▶ **Materials provided**
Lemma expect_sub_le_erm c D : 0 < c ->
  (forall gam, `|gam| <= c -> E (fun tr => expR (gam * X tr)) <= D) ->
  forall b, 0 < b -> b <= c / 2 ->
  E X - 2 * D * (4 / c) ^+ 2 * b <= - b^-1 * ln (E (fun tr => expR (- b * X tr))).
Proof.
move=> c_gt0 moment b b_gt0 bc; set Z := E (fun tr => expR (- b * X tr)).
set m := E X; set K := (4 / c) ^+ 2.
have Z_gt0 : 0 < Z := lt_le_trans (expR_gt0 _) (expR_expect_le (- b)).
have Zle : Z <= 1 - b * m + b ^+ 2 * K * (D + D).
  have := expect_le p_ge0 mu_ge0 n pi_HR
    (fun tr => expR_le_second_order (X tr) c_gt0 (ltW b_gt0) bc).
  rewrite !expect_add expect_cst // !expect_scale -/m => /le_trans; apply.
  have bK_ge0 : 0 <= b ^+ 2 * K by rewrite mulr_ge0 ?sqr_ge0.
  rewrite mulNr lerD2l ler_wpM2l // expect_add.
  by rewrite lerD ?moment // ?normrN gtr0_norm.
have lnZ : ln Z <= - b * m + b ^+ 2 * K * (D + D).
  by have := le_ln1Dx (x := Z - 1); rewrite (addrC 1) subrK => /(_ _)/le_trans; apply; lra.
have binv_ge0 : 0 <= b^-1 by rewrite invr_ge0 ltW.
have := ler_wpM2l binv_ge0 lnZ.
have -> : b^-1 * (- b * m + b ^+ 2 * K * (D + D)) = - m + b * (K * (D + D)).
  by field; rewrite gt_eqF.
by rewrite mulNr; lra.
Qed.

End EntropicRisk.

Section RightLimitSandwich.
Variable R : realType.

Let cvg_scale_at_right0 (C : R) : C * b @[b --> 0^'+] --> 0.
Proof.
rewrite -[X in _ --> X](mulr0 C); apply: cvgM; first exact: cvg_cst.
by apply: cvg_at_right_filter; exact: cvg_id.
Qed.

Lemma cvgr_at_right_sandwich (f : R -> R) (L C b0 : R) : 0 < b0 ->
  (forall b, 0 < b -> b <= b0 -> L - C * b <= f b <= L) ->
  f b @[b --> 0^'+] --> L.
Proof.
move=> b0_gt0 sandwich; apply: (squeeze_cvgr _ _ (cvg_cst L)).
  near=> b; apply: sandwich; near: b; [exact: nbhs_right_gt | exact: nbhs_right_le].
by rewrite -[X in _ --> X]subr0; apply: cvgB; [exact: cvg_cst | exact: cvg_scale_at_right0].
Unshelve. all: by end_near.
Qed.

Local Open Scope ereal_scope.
* * *
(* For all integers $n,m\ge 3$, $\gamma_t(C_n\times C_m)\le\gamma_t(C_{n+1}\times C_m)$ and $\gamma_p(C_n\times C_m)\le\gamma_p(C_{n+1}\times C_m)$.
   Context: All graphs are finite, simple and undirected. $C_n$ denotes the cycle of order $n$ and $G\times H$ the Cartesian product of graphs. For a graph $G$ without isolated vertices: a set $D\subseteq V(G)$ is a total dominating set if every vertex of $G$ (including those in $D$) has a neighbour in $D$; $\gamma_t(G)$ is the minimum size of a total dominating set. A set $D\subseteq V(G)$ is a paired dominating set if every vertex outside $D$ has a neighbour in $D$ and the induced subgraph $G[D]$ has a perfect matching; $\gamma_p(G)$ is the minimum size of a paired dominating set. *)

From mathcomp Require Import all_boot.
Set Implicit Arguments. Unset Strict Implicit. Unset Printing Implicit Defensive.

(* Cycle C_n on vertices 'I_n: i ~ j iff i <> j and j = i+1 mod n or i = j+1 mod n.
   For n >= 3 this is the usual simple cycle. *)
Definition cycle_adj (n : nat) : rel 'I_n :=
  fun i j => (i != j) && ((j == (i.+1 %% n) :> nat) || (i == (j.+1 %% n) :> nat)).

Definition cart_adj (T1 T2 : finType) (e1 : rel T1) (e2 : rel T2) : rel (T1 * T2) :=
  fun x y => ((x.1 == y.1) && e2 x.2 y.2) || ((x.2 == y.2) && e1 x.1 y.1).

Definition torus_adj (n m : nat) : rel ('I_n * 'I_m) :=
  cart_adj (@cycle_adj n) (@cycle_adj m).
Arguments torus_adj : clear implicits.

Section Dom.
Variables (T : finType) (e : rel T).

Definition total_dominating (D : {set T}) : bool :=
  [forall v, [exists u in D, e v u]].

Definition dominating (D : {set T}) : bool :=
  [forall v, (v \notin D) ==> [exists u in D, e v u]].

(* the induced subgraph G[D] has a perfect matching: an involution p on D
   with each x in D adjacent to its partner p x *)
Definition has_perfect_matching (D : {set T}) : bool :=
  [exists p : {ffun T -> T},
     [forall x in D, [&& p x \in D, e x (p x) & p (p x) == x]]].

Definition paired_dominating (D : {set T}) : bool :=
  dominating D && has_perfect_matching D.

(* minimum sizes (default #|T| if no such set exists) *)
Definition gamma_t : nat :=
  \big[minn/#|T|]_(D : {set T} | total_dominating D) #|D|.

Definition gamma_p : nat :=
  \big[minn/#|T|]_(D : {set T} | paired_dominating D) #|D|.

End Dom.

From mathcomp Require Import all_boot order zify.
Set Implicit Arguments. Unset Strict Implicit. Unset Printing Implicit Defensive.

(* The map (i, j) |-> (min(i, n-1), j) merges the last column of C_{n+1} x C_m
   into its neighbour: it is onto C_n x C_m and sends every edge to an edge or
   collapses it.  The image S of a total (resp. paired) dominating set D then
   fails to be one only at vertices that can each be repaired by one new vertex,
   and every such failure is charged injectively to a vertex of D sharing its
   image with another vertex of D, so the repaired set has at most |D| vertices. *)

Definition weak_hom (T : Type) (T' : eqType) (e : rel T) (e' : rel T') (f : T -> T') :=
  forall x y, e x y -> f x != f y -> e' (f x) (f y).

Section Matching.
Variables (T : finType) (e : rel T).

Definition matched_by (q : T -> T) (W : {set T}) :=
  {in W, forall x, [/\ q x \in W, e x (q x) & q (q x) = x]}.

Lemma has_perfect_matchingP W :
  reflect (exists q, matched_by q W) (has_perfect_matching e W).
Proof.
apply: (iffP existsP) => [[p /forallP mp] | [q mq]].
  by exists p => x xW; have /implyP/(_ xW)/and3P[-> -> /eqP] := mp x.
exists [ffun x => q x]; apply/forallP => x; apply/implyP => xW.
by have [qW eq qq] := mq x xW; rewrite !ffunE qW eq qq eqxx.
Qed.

▶ **Task objective**
Give back precisely the lines above that start at the line containing "move=> b0_gt0 sandwich;" and end at the line containing "Local Open Scope ereal_scope.", inclusive. No other lines belong in the output.

▶ **Response to this exercise**
move=> b0_gt0 sandwich; apply: (squeeze_cvgr _ _ (cvg_cst L)).
  near=> b; apply: sandwich; near: b; [exact: nbhs_right_gt | exact: nbhs_right_le].
by rewrite -[X in _ --> X]subr0; apply: cvgB; [exact: cvg_cst | exact: cvg_scale_at_right0].
Unshelve. all: by end_near.
Qed.

Local Open Scope ereal_scope.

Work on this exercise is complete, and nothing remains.